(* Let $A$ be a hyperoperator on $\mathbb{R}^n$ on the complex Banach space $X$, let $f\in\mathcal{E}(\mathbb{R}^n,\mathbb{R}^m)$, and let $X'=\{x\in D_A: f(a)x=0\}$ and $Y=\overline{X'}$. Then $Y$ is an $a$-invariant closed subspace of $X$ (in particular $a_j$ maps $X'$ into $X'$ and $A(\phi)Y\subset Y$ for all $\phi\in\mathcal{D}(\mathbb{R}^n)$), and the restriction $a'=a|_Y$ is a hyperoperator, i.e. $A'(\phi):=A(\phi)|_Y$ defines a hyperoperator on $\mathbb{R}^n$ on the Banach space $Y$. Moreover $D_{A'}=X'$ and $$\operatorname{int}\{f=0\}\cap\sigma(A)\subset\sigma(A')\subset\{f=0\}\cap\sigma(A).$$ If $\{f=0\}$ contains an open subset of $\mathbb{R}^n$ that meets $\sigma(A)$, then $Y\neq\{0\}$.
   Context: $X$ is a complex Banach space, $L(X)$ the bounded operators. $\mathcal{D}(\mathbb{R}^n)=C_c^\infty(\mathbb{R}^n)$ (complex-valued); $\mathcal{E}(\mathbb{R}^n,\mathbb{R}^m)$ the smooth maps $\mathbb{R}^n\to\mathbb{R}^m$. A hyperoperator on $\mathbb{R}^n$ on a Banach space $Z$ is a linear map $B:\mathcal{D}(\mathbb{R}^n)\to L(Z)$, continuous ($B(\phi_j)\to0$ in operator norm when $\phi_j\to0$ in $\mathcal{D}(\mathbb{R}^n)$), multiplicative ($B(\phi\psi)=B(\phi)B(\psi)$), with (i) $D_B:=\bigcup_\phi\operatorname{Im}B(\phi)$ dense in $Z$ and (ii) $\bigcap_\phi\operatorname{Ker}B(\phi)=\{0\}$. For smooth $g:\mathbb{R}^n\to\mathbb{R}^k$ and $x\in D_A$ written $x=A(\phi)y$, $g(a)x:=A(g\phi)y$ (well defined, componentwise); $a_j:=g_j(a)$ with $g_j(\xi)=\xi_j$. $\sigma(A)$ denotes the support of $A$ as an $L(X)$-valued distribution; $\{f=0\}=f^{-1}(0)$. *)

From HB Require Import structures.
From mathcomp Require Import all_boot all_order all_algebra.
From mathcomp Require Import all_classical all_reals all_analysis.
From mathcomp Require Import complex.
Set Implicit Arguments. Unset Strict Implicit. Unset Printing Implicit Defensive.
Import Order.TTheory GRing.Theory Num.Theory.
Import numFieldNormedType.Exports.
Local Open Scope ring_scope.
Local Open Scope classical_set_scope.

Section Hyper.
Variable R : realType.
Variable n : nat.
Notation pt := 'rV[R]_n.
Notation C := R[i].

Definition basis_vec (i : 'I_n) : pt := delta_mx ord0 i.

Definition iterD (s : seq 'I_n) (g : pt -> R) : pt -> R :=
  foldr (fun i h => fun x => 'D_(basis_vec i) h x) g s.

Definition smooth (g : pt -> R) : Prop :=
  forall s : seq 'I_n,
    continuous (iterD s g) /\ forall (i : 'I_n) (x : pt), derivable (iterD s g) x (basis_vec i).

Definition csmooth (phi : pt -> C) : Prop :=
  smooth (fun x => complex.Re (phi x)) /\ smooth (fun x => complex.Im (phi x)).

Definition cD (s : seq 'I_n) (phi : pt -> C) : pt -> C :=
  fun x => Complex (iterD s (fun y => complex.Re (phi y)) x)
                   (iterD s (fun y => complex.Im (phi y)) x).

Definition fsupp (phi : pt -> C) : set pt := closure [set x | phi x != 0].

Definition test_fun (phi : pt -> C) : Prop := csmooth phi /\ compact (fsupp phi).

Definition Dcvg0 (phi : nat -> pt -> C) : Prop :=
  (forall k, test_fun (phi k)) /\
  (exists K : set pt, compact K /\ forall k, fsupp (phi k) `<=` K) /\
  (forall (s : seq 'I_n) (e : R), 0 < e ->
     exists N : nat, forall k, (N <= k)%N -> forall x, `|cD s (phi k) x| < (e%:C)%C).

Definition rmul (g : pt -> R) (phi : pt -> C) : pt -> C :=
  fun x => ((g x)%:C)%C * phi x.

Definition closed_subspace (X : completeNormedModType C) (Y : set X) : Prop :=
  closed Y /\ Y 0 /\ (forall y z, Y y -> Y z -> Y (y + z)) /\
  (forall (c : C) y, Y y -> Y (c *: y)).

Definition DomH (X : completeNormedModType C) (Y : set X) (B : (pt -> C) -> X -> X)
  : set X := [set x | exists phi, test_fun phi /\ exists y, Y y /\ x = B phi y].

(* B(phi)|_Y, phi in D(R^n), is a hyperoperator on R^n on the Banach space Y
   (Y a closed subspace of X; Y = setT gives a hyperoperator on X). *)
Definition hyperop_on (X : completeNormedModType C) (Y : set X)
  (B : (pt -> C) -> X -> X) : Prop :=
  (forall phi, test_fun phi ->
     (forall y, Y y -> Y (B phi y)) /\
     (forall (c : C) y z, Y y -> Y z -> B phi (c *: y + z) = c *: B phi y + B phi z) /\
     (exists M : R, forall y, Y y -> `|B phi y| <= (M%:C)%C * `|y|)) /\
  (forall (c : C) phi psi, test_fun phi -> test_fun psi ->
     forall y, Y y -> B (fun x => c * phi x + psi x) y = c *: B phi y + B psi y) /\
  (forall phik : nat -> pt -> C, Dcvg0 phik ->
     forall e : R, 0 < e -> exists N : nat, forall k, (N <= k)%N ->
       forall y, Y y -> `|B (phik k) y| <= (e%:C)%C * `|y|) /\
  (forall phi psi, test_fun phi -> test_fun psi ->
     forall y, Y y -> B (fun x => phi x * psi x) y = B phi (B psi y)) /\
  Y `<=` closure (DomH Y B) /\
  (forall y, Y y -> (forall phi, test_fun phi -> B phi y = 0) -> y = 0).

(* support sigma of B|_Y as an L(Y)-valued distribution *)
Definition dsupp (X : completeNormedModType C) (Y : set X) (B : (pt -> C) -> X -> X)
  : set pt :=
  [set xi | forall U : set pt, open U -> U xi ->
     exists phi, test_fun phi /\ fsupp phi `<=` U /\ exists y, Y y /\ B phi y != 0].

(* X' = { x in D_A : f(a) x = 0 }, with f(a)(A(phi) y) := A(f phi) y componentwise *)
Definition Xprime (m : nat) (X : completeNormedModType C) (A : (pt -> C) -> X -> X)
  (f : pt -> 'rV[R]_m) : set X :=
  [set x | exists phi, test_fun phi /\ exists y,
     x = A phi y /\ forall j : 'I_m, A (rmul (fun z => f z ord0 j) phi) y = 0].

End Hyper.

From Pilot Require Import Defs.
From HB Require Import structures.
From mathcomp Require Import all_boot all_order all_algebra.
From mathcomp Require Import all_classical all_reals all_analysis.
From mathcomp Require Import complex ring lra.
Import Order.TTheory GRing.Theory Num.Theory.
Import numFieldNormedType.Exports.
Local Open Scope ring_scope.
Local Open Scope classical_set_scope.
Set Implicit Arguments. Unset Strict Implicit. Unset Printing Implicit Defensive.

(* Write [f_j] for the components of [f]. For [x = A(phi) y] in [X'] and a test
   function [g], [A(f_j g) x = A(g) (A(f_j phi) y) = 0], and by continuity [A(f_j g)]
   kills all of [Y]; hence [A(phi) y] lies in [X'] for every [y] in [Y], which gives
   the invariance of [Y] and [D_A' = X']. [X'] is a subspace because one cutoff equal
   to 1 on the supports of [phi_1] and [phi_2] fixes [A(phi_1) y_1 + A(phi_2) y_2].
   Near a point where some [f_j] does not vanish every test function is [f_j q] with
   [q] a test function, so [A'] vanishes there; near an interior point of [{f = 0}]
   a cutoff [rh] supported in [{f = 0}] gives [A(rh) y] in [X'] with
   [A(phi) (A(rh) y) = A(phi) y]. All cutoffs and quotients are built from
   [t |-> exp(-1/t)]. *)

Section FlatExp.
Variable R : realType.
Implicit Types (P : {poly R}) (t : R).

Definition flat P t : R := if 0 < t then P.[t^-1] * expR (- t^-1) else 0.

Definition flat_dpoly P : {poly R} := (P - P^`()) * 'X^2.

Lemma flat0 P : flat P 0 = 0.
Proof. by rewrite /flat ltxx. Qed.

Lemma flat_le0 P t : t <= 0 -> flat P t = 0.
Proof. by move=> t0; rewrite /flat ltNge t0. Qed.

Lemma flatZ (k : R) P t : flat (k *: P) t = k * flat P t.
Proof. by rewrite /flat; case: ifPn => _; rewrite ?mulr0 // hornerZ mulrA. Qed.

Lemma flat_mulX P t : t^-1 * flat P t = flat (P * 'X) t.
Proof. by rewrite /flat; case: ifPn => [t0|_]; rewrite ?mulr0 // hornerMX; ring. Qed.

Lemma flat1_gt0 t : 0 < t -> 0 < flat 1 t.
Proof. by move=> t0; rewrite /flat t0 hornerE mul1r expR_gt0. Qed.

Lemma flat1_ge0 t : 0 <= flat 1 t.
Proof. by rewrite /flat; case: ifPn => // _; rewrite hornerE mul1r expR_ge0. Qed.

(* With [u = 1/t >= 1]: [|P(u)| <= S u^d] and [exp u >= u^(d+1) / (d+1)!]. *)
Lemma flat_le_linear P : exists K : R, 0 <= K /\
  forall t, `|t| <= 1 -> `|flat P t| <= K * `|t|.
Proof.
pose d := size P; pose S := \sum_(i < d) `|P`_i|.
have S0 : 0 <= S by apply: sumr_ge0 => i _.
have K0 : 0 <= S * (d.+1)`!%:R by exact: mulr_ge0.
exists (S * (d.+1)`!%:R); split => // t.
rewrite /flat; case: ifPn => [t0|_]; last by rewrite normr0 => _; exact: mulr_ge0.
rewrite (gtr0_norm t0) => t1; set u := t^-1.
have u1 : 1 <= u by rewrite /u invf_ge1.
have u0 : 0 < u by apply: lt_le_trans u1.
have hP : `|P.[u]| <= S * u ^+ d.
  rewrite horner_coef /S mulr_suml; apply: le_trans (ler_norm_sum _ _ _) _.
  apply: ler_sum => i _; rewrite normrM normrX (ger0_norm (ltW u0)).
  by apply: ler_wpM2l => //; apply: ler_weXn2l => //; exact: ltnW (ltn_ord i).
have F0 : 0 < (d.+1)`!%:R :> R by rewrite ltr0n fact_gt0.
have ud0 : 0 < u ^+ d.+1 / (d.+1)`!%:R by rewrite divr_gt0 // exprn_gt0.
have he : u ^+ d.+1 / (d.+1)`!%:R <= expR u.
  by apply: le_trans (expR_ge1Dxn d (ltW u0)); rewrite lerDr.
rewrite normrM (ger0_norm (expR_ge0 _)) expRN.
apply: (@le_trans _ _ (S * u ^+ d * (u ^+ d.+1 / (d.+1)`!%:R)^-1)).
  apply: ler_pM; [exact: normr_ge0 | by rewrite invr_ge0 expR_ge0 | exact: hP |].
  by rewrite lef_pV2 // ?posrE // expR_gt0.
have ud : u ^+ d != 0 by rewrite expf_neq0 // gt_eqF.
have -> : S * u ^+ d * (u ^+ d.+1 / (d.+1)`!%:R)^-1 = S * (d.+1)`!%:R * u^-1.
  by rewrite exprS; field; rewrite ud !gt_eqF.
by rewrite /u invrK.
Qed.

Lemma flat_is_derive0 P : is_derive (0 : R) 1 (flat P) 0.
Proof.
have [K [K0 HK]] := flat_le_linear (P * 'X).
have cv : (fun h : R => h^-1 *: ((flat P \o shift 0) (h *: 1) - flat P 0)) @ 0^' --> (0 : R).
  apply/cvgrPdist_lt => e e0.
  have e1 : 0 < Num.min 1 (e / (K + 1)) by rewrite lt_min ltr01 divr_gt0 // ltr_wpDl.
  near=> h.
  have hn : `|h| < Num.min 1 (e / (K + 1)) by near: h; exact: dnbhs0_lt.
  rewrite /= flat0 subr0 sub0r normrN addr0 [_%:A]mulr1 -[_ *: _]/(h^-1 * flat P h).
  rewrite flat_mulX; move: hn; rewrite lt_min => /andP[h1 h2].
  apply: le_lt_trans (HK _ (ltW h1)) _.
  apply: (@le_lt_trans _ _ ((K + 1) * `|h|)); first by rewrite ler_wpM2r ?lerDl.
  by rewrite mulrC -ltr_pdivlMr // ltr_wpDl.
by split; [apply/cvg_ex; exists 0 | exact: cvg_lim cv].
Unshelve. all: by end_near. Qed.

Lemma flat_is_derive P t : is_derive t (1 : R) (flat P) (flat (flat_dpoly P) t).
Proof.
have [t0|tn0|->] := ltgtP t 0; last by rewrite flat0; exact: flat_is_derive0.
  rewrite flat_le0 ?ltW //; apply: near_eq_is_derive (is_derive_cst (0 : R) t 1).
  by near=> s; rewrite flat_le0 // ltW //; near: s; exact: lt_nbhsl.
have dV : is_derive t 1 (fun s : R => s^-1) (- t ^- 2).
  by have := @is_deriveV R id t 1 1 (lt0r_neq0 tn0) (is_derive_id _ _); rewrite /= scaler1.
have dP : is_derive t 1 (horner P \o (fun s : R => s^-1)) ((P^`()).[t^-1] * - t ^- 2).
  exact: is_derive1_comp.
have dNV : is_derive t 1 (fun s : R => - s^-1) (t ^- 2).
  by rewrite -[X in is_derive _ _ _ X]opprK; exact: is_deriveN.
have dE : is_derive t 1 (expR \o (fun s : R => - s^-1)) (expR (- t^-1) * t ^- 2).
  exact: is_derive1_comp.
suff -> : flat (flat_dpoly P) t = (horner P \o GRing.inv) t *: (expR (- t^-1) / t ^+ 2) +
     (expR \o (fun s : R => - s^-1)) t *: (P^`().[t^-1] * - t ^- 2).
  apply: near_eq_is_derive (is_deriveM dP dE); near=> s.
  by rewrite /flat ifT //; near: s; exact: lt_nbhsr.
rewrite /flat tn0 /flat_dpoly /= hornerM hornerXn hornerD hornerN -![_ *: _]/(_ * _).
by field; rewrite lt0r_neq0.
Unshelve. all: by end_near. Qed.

- Task instructions:
Taking the lines above, repeat exactly those from the line that contains "a cutoff [rh]" through the line that contains "Lemma flat_le_linear P", and both of those lines as well. Include nothing else.

- Task response:
   a cutoff [rh] supported in [{f = 0}] gives [A(rh) y] in [X'] with
   [A(phi) (A(rh) y) = A(phi) y]. All cutoffs and quotients are built from
   [t |-> exp(-1/t)]. *)

Section FlatExp.
Variable R : realType.
Implicit Types (P : {poly R}) (t : R).

Definition flat P t : R := if 0 < t then P.[t^-1] * expR (- t^-1) else 0.

Definition flat_dpoly P : {poly R} := (P - P^`()) * 'X^2.

Lemma flat0 P : flat P 0 = 0.
Proof. by rewrite /flat ltxx. Qed.

Lemma flat_le0 P t : t <= 0 -> flat P t = 0.
Proof. by move=> t0; rewrite /flat ltNge t0. Qed.

Lemma flatZ (k : R) P t : flat (k *: P) t = k * flat P t.
Proof. by rewrite /flat; case: ifPn => _; rewrite ?mulr0 // hornerZ mulrA. Qed.

Lemma flat_mulX P t : t^-1 * flat P t = flat (P * 'X) t.
Proof. by rewrite /flat; case: ifPn => [t0|_]; rewrite ?mulr0 // hornerMX; ring. Qed.

Lemma flat1_gt0 t : 0 < t -> 0 < flat 1 t.
Proof. by move=> t0; rewrite /flat t0 hornerE mul1r expR_gt0. Qed.

Lemma flat1_ge0 t : 0 <= flat 1 t.
Proof. by rewrite /flat; case: ifPn => // _; rewrite hornerE mul1r expR_ge0. Qed.

(* With [u = 1/t >= 1]: [|P(u)| <= S u^d] and [exp u >= u^(d+1) / (d+1)!]. *)
Lemma flat_le_linear P : exists K : R, 0 <= K /\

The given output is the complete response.